§ **Records provided**:

----------------------------------------

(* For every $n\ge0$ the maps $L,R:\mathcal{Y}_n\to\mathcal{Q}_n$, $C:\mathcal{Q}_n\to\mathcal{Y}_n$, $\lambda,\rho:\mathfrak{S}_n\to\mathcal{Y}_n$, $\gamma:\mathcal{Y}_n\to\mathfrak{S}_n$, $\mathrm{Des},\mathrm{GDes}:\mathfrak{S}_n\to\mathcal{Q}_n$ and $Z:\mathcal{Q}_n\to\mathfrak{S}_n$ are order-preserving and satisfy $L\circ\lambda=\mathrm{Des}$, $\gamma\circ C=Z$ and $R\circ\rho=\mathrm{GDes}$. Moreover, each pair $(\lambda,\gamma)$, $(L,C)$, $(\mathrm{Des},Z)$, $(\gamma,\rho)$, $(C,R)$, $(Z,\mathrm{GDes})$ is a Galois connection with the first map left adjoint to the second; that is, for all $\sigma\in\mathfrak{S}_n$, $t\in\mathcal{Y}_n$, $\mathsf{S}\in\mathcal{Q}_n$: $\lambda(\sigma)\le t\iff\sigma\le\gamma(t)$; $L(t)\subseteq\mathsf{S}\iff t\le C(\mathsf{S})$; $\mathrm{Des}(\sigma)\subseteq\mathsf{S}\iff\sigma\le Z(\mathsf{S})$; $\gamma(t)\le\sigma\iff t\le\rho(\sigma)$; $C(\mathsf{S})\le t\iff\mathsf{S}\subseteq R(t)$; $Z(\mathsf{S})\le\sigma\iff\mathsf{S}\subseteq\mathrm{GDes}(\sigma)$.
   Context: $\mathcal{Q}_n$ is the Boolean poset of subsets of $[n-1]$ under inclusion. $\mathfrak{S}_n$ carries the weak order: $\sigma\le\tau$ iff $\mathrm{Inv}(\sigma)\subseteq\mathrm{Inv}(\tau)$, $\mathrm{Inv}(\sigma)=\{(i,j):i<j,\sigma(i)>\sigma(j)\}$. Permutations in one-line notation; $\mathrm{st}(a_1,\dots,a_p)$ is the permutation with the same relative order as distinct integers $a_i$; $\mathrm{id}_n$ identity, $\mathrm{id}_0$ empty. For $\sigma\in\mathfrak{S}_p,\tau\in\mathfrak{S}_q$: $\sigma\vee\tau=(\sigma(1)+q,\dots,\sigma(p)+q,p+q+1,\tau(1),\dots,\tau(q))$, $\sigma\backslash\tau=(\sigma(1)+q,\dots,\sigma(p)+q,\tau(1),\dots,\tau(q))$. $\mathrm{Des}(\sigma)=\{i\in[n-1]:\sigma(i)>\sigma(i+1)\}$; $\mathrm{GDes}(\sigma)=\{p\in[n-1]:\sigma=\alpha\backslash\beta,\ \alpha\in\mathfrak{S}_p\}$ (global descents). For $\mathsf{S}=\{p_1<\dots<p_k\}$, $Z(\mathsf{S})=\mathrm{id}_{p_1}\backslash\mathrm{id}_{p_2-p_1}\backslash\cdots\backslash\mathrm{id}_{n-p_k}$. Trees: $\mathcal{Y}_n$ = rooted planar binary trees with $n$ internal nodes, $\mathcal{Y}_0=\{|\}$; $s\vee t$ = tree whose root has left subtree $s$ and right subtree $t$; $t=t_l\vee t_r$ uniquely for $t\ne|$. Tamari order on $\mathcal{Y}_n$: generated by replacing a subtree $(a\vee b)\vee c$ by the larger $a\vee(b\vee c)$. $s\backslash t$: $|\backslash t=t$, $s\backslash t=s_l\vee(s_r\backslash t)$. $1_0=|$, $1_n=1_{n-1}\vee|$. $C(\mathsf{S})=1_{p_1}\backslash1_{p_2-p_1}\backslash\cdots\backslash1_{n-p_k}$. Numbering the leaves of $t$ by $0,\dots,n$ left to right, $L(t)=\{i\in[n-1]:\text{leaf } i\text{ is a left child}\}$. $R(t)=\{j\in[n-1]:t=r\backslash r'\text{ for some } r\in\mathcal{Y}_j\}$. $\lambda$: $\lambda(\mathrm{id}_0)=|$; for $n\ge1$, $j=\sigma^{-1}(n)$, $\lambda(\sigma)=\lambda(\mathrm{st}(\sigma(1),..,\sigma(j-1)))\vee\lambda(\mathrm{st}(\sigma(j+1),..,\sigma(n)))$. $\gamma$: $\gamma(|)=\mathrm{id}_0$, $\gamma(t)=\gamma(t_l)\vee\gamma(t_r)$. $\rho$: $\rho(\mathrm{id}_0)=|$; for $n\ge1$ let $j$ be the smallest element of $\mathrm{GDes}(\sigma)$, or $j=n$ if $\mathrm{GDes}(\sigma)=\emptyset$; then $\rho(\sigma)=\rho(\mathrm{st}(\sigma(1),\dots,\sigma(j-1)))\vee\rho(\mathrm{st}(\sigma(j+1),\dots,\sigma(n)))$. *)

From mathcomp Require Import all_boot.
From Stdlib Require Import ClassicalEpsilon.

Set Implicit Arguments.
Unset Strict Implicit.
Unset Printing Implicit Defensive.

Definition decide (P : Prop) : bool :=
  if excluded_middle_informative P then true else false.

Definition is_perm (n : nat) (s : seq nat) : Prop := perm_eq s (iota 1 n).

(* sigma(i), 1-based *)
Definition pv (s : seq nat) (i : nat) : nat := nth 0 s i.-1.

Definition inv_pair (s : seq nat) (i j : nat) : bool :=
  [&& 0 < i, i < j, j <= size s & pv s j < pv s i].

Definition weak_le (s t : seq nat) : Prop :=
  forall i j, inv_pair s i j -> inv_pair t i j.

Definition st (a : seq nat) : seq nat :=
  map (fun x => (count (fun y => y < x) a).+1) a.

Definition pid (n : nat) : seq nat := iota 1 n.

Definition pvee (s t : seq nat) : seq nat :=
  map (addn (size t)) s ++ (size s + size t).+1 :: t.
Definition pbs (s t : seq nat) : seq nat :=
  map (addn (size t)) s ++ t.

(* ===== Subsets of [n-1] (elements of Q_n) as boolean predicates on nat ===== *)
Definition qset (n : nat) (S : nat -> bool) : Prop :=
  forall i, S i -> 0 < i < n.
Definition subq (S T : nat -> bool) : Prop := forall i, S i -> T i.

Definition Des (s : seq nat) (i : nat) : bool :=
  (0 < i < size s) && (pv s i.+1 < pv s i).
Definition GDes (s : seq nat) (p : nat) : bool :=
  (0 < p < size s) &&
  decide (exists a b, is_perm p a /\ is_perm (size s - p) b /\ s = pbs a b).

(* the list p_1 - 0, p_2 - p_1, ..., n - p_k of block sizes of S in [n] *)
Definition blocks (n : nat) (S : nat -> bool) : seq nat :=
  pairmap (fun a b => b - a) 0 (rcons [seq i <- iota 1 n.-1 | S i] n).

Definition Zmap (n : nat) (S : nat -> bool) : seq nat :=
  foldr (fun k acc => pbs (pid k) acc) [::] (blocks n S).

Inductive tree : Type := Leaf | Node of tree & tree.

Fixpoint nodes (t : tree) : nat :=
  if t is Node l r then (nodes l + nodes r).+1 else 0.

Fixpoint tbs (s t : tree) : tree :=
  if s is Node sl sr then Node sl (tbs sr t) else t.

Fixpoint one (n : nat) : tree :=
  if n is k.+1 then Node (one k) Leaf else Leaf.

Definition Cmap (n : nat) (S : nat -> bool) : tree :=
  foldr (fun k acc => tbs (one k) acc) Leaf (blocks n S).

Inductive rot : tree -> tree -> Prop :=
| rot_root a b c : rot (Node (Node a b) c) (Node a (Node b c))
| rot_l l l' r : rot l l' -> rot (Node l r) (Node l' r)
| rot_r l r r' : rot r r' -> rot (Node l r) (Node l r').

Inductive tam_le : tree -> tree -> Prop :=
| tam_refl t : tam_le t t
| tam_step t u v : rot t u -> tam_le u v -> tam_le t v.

----------------------------------------

From the material above, set down exactly the lines between the line holding "Unset Strict Implicit." and the line holding "Definition pv (s", inclusive. Include nothing else.

Unset Strict Implicit.
Unset Printing Implicit Defensive.

Definition decide (P : Prop) : bool :=
  if excluded_middle_informative P then true else false.

Definition is_perm (n : nat) (s : seq nat) : Prop := perm_eq s (iota 1 n).

(* sigma(i), 1-based *)
Definition pv (s : seq nat) (i : nat) : nat := nth 0 s i.-1.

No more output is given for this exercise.